The OpenTelemetry Erlang/Elixir Metrics API is currently experimental and located in apps/opentelemetry_experimental_api of the opentelemetry-erlang repository. The API may change before stabilization. Use with caution in production environments.
Prerequisites
Ensure you have OpenTelemetry configured in your application. For setup instructions, see Monitor OpenTelemetry Erlang/Elixir with Uptrace.
Understanding Metrics
Metrics are numerical measurements captured over time that help you understand:
- Performance trends: Response times, throughput, error rates
- Resource utilization: Memory usage, CPU load, connection pools
- Business metrics: Active users, transactions, queue depths
- System health: Cache hit rates, retry counts, timeout frequencies
OpenTelemetry metrics are designed to be:
- Efficient: Low overhead collection suitable for production
- Flexible: Support for various aggregation strategies
- Standardized: Compatible with popular metrics backends
- Contextual: Can be correlated with traces and logs
Metric Instruments
OpenTelemetry provides several instrument types, each suited for different measurement scenarios:
Synchronous Instruments
Synchronous instruments are called directly in your application code when events occur:
- Counter: Monotonically increasing values (e.g., requests served, bytes sent)

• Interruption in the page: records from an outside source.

Lemma code_uniform (Phi : pred {ffun 'I_(T * w) -> bool}) :
  P [set om | Phi [ffun l => code_bit x (fun t i => s t i om) (fun t => sigma t om) l]] =
  (#|Phi|%:R / (2 ^ (T * w))%:R)%:E.
Proof.
have [inv codeK invK] := @block_code_bij w T hw.
rewrite (_ : [set om | _] = [set om | Phi (block_code (index_tuple om))]); last first.
  by apply/seteqP; split=> om; rewrite /= code_bitsE.
rewrite (index_tuple_uniform [pred i | Phi (block_code i)]) card_ffun !card_ord -expnM mulnC.
congr (_%:R / _)%:E; rewrite -(fintype.card_image (can_inj codeK)).
apply: eq_card => v; apply/fintype.imageP/idP => [[i Pi ->] //|Pv].
by exists (inv v); rewrite ?inE invK.
Qed.

End voronoi_code.

Theorem theorem1 (R : realType) (d w T : nat) (hw : (1 <= w)%N) (hT : (1 <= T)%N)
    (G : probability (d.-tuple R) R)
    (dO : measure_display) (Omega : measurableType dO) (P : probability Omega R)
    (s : 'I_T -> 'I_(2 ^ w) -> Omega -> d.-tuple R)
    (sigma : 'I_T -> Omega -> {perm 'I_(2 ^ w)})
    (s_meas : forall t i, measurable_fun setT (s t i))
    (s_distr : forall t i (A : set (d.-tuple R)), measurable A ->
        P (s t i @^-1` A) = G A)
    (sigma_meas : forall t (p : {perm 'I_(2 ^ w)}),
        measurable (sigma t @^-1` [set p]))
    (sigma_unif : forall t (p : {perm 'I_(2 ^ w)}),
        P (sigma t @^-1` [set p]) = ((#|{perm 'I_(2 ^ w)}|%:R)^-1)%:E)
    (indep : mutually_independent P
        (fun k : ('I_T * 'I_(2 ^ w)) + 'I_T =>
           match k with
           | inl (t, i) => [set s t i @^-1` A | A in [set A | measurable A]]
           | inr t => [set sigma t @^-1` B | B in [set: set {perm 'I_(2 ^ w)}]]
           end))
    (x : d.-tuple R) :
  forall v : 'I_(T * w) -> bool,
    P [set om | forall l, code_bit x (fun t i => s t i om) (fun t => sigma t om) l = v l]
    = (\prod_(l < T * w)
         P [set om | code_bit x (fun t i => s t i om) (fun t => sigma t om) l = v l])%E.
Proof.
apply: independent_bits_of_uniform => Phi.
exact (code_uniform hw s_meas s_distr sigma_meas sigma_unif indep x Phi).
Qed.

- UpDownCounter: Values that increase and decrease (e.g., active connections, queue size)
- Histogram: Statistical distribution of values (e.g., request duration, response sizes)

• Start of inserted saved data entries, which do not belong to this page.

(* Many high-degree and many low-degree vertices would give two strongly gapped pairs. *)
Lemma few_high_or_low : (#|high_deg| < 2 * q)%N || (#|low_deg| < 2 * q)%N.
Proof.
rewrite !ltnNge -negb_and; apply/negP => /andP[hH hL].
have dHL : [disjoint high_deg & low_deg].
  rewrite disjoints_subset; apply/subsetP => x /high_degP[_ h].
  by rewrite inE; apply/negP => /low_degP[_]; have : 0 <= y := ler0n _ _; lra.
have dHLY : [disjoint high_deg :|: low_deg & Y].
  rewrite disjoints_subset setCK subUset; apply/andP; split; apply/subsetP => x.
    by case/high_degP.
  by case/low_degP.
suff : 2 * (q%:R - t%:R) * ((7/10) * t%:R * q%:R)
         <= t%:R * q%:R * (q%:R + 2 * t%:R) + 4 * g * (q%:R + t%:R).
  by move=> h; have := lt_le_trans hqt h; rewrite ltxx.
apply: (no_gapped_sides esym hcut dHL dHLY) => //; first by rewrite !mulr_ge0 //; lra.
move=> P Q sP sQ cP cQ.
have hP : (9/10) * y * q%:R <= \sum_(x in P) dY x.
  by rewrite -cP; apply: sum_ge_const => x /(subsetP sP) /high_degP[_ /ltW].
have hQ : \sum_(x in Q) dY x <= (1/10) * y * q%:R.
  by rewrite -cQ; apply: sum_le_const => x /(subsetP sQ) /low_degP[_ /ltW].
apply: exists_gapped_subset cP q_gt0 t_gt0 ht _.
by rewrite (sum_gap R esym) !e_betweenE !natr_sum; lra.
Qed.

Hypotheses (cX : #|X| = k) (hc0 : c0 = (1/2) * k%:R * y).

- Gauge: Current value at observation time (e.g., CPU temperature, memory usage)
Asynchronous Instruments
Asynchronous instruments use callbacks to report values when metrics are exported:
- Asynchronous Counter: Monotonic values sampled periodically
- Asynchronous UpDownCounter: Fluctuating values sampled periodically
- Asynchronous Gauge: Point-in-time values sampled periodically
Initialize MeterProvider
The MeterProvider is responsible for creating meters and managing metric collection. It must be configured during application startup:
# config/runtime.exs
config :opentelemetry_experimental,
meters: [
# Configure meters here
]
# In your application.ex
defmodule MyApp.Application do
use Application
require Logger
def start(_type, _args) do
# MeterProvider starts automatically with the OpenTelemetry SDK
Logger.info("Metrics collection initialized")
children = [
# Your application children
]
opts = [strategy: :one_for_one, name: MyApp.Supervisor]

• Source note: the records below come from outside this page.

Local Notation feasible_at t := (feasible_pos 2 (fun=> 1) h (placed t) col_pos (s t)).

Lemma feasible_above_col (t : 'I_n) p : feasible_at t p -> load t (1 <= p.1) <= p.2.
Proof.
case=> x_ge0 x_le y_ge0 disj; rewrite leNgt; apply/negP => y_lt.
have [_ _ covered _] := column_inv_all (1 <= p.1) (ltnW (ltn_ord t)).
have [|j [Pj cj] /andP [yj_le yj_lt]] := covered p.2; first by rewrite y_ge0.
have j_neq : j != s t by apply: contraNneq (not_placed_perm t) => <-.
apply: (disj j Pj j_neq).
have xj : (col_pos j).1 = if 1 <= p.1 then 1 else 0 by rewrite /col_pos cj.
have [a [a_in aj_in]] : exists a, p.1 < a < p.1 + 1 /\ (col_pos j).1 < a < (col_pos j).1 + 1.
  by rewrite xj; move: x_le => /=; case: (lerP 1 p.1) => ? ?; apply: open_intervals_meet; lra.
have [b [b_in bj_in]] :
    exists b, p.2 < b < p.2 + h (s t) /\ (col_pos j).2 < b < (col_pos j).2 + h j.
  by move: (h_gt0 (s t)) (h_gt0 j) => ? ?; apply: open_intervals_meet; lra.
by exists a, b.
Qed.

Lemma col_pos_feasible (t : 'I_n) : feasible_at t (col_pos (s t)).
Proof.
have [_ below _ _] := column_inv_all (in_right_col (s t)) (ltnW (ltn_ord t)).
split; rewrite ?col_pos_y_ge0 //; try by rewrite /col_pos; case: in_right_col => /=; lra.
move=> j Pj _ [a [b [[/andP [a_gt a_lt] /andP [b_gt b_lt]]
                    [/andP [aj_gt aj_lt] /andP [bj_gt bj_lt]]]]].
move: a_gt a_lt aj_gt aj_lt; rewrite /col_pos.
case: (eqVneq (in_right_col j) (in_right_col (s t))) => [cj|].
  have := below j Pj cj; rewrite col_pos_perm /= in b_gt; lra.
by case: in_right_col; case: in_right_col => //= _; lra.
Qed.

Lemma col_pos_lex_min (t : 'I_n) p : feasible_at t p -> lex_yx_le (col_pos (s t)) p.
Proof.
move=> Fp; have := feasible_above_col Fp; case: Fp => x_ge0 /= x_le _ _.
rewrite col_pos_perm in_right_col_perm /load.
case: (lerP 1 p.1) => ? ?; case: (ltP (col_loads t).2 (col_loads t).1) => ?;
  by apply: lex_yx_leI => *; lra.
Qed.

Lemma col_pos_BL : is_BL_packing 2 (fun=> 1) h s col_pos.
Proof. by move=> t; split; [apply: col_pos_feasible | apply: col_pos_lex_min]. Qed.

Definition two_col_height : R :=
  (\sum_(p <- ordered_heights) p + foldl (@dist_step R) 0 ordered_heights) / 2.

Lemma col_pos_height : packing_height h col_pos = two_col_height.
Proof.
have inv c := column_inv_all c (leqnn n).
rewrite (@packing_height_eq _ _ _ _ (Num.max (load n false) (load n true))).
- have col_n : col_loads n = foldl (@col_step R) (0, 0) ordered_heights.
    by rewrite /col_loads take_oversize // size_map size_enum_ord.
  rewrite max_mid /load col_n /two_col_height.
  by have /= [-> ->] := foldl_col_step ordered_heights 0 0; rewrite subr0 normr0 !add0r.
- by have [? _ _ _] := inv false; rewrite le_max; apply/orP; left.
- move=> i; have [_ below _ _] := inv (in_right_col i).
  by apply: le_trans (below _ (ltn_ord _) erefl) _; case: in_right_col; rewrite le_max lexx ?orbT.
- case: (leP (load n false) (load n true)) => _; [have [_ _ _ top] := inv true
    | have [_ _ _ top] := inv false];
  by case: top => [|[j _ <-]]; [left | right; exists j].
Qed.

Lemma BL_height_two_col (H : R) : BL_height 2 (fun=> 1) h s H <-> H = two_col_height.
Proof.
split=> [[pos [BL <-]]|->].
  rewrite -col_pos_height /packing_height; apply: eq_bigr => i _.
  by rewrite (BL_packing_unique BL col_pos_BL).
by exists col_pos; split; [apply: col_pos_BL | apply: col_pos_height].
Qed.

Lemma sum_ordered_heights : \sum_(p <- ordered_heights) p = \sum_i h i.
Proof. by rewrite big_map (reindex_inj (@perm_inj _ s)) /= -big_enum. Qed.

Lemma two_col_height_dominant_first a l :
  ordered_heights = a :: l -> \sum_(p <- l) p <= a -> two_col_height = a.
Proof.
move=> hs_eq sum_le; have l_ge0 : all (>= 0) l.
  apply/allP => p p_l; have : p \in ordered_heights by rewrite hs_eq in_cons p_l orbT.
  by case/mapP => i _ ->; apply: ltW.
have a_ge0 : 0 <= a by apply: le_trans sum_le; rewrite big_seq sumr_ge0 // => p /(allP l_ge0).
rewrite /two_col_height hs_eq big_cons /=.
have -> : dist_step 0 a = a by rewrite /dist_step sub0r normrN ger0_norm.
by rewrite foldl_dist_step_sub //; field.
Qed.

End TwoColumns.

Lemma dist_step_natr (R : realType) (a b : nat) :
  dist_step a%:R b%:R = (maxn a b - minn a b)%:R :> R.
Proof.
rewrite /dist_step; case: (leqP a b) => [ab|/ltnW ba]; first rewrite distrC.
  by rewrite ger0_norm ?subr_ge0 ?ler_nat // -natrB.
by rewrite ger0_norm ?subr_ge0 ?ler_nat // -natrB.
Qed.

Lemma card_le2 (T : finType) (P : pred T) a b :
  {subset P <= pred2 a b} -> (#|P| <= 2)%N.
Proof.
move=> sub; apply: leq_trans (subset_leq_card (_ : P \subset pred2 a b)) _.
  exact/subsetP.
by rewrite card2; case: (a != b).
Qed.

Lemma card_diff_tperm (T : finType) (s : {perm T}) a b :
  (#|[pred t | s t != (tperm a b * s)%g t]| <= 2)%N.
Proof.
apply: (card_le2 (a := a) (b := b)) => t; rewrite inE permM /=.
by apply: contraR; rewrite negb_or => /andP [ta tb]; rewrite tpermD 1?eq_sym.
Qed.

Section GrayCode.
Local Open Scope nat_scope.

(* Processing gadget i, in the order prescribed by [sg i], maps the load
   difference d < 2^i of the two columns to 2^i + d or 2^i - d. *)
Fixpoint gadget_gap (sg : nat -> bool) (i : nat) : nat :=
  if i is i'.+1 then
    if sg i' then 2 ^ i' + gadget_gap sg i' else 2 ^ i' - gadget_gap sg i'
  else 0.

Lemma gadget_gapS sg i : gadget_gap sg i.+1 =
  if sg i then 2 ^ i + gadget_gap sg i else 2 ^ i - gadget_gap sg i.
Proof. by []. Qed.

Lemma gadget_gap_lt sg i : gadget_gap sg i < 2 ^ i.
Proof. by elim: i => //= i IH; rewrite expnS; case: (sg i); lia. Qed.

Lemma gadget_gap_ext sg sg' i :
  (forall x, x < i -> sg x = sg' x) -> gadget_gap sg i = gadget_gap sg' i.
Proof. by elim: i => //= i IH agree; rewrite agree // IH // => x x_lt; apply: agree; lia. Qed.

Definition reflect_index (p j : nat) : nat :=
  if j < 2 ^ p then 2 ^ p - 1 - j else j - 2 ^ p.

Fixpoint gray (p j : nat) : nat -> bool :=
  if p is p'.+1 then
    fun i => if i == p then 2 ^ p' <= j else gray p' (reflect_index p' j) i
  else fun=> false.

Lemma grayS p j i :
  gray p.+1 j i = if i == p.+1 then 2 ^ p <= j else gray p (reflect_index p j) i.
Proof. by []. Qed.

Lemma reflect_index_lt p j : j < 2 ^ p.+1 -> reflect_index p j < 2 ^ p.
Proof. by rewrite /reflect_index expnS; case: ifP; lia. Qed.

Lemma gadget_gap_gray p j : j < 2 ^ p -> gadget_gap (gray p j) p.+1 = (2 * j).+1.
Proof.
elim: p j => [|p IH] j j_lt; first by rewrite /= expn0 in j_lt *; lia.
rewrite gadget_gapS grayS eqxx.
rewrite (@gadget_gap_ext _ (gray p (reflect_index p j))); last first.
  by move=> x x_lt; rewrite grayS ifN //; lia.
rewrite IH ?reflect_index_lt //.
by move: j_lt; rewrite /reflect_index expnS; case: (leqP (2 ^ p) j) => ? ?; lia.
Qed.

Lemma reflect_index_adjacent p j j' : j < 2 ^ p.+1 -> j' < 2 ^ p.+1 ->
  j.+1 = j' \/ j'.+1 = j ->
  ((2 ^ p <= j) = (2 ^ p <= j') /\
    ((reflect_index p j).+1 = reflect_index p j' \/
     (reflect_index p j').+1 = reflect_index p j))
  \/ reflect_index p j = reflect_index p j'.
Proof.
by rewrite /reflect_index expnS; case: (leqP (2 ^ p) j); case: (leqP (2 ^ p) j') => *; lia.
Qed.

Lemma gray_adjacent p j j' : j < 2 ^ p -> j' < 2 ^ p -> j.+1 = j' \/ j'.+1 = j ->
  exists i0, forall i, i != i0 -> gray p j i = gray p j' i.
Proof.
elim: p j j' => [|p IH] j j' j_lt j'_lt adj; first by rewrite expn0 in j_lt j'_lt; lia.
case: (reflect_index_adjacent j_lt j'_lt adj) => [[top_eq tail_adj]|tail_eq].
  have [i0 gray_eq] := IH _ _ (reflect_index_lt j_lt) (reflect_index_lt j'_lt) tail_adj.
  by exists i0 => i /gray_eq; rewrite !grayS top_eq => ->.
by exists p.+1 => i i_neq; rewrite !grayS (negbTE i_neq) tail_eq.
Qed.

End GrayCode.

Section Gadgets.
Variable m : nat.
Local Notation M := m.+1.
Local Notation n := (2 * M).+1.
Local Open Scope nat_scope.

Definition top_height : nat := 3 * 2 ^ M.

Definition gadget_height (t : nat) : nat :=
  if t == 2 * M then top_height else if odd t then 2 ^ t./2 else 2 * 2 ^ t./2.

Lemma gadget_height_gt0 t : 0 < gadget_height t.
Proof.
rewrite /gadget_height /top_height; case: eqP => _; last case: odd.
all: by rewrite ?muln_gt0 expn_gt0.
Qed.

Lemma gadget_height_top : gadget_height (2 * M) = top_height.
Proof. by rewrite /gadget_height eqxx. Qed.

Definition flip_pair (sg : nat -> bool) (t : nat) : nat :=
  if t < 2 * M then t./2.*2 + (odd t (+) sg t./2) else t.

Lemma flip_pair_lt sg t : t < 2 * M -> flip_pair sg t < 2 * M.
Proof. by rewrite /flip_pair => t_lt; rewrite t_lt; case: (_ (+) _); lia. Qed.

Lemma flip_pair_half sg t : t < 2 * M -> (flip_pair sg t)./2 = t./2.
Proof. by rewrite /flip_pair => ->; case: (_ (+) _); lia. Qed.

Lemma flip_pair_odd sg t : t < 2 * M -> odd (flip_pair sg t) = odd t (+) sg t./2.
Proof. by rewrite /flip_pair => ->; case: (_ (+) _); rewrite oddD odd_double. Qed.

Lemma flip_pairK sg : involutive (flip_pair sg).
Proof.
move=> t; case: (ltnP t (2 * M)) => [t_lt|t_ge]; last first.
  have flip_t : flip_pair sg t = t by rewrite /flip_pair ltnNge t_ge.
  by rewrite !flip_t.
rewrite {1}/flip_pair flip_pair_lt // flip_pair_half // flip_pair_odd //.
by rewrite -addbA addbb addbF; lia.
Qed.

Lemma gadget_height_flip sg t : t < 2 * M ->
  gadget_height (flip_pair sg t) = if odd t (+) sg t./2 then 2 ^ t./2 else 2 * 2 ^ t./2.
Proof.
move=> t_lt; rewrite /gadget_height flip_pair_half // flip_pair_odd //.
by rewrite (_ : (_ == _) = false) //; apply/negbTE; have := flip_pair_lt sg t_lt; lia.
Qed.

Supervisor.start_link(children, opts)
end
end
Creating and Using Counters
Counters track cumulative values that only increase, such as the number of requests processed or bytes transmitted.
defmodule MyApp.Metrics do
# Get meter for this application
@meter OpenTelemetry.Metrics.get_meter(__MODULE__)
# Create a counter instrument
@request_counter @meter
|> OpenTelemetry.Metrics.create_counter(
"http.server.requests",
description: "Total HTTP requests received",
unit: "{request}"
)
def record_request(method, status_code) do
# Increment counter with attributes
OpenTelemetry.Metrics.Counter.add(
@request_counter,
1,
%{
"http.method" => method,
"http.status_code" => status_code
}
)
end
end
# Usage
MyApp.Metrics.record_request("GET", 200)
MyApp.Metrics.record_request("POST", 201)
Counter Best Practices
- Only increment: Never decrease counter values
- Use meaningful attributes: Add dimensions for filtering and grouping
- Keep cardinality low: Avoid high-cardinality attributes (e.g., user IDs)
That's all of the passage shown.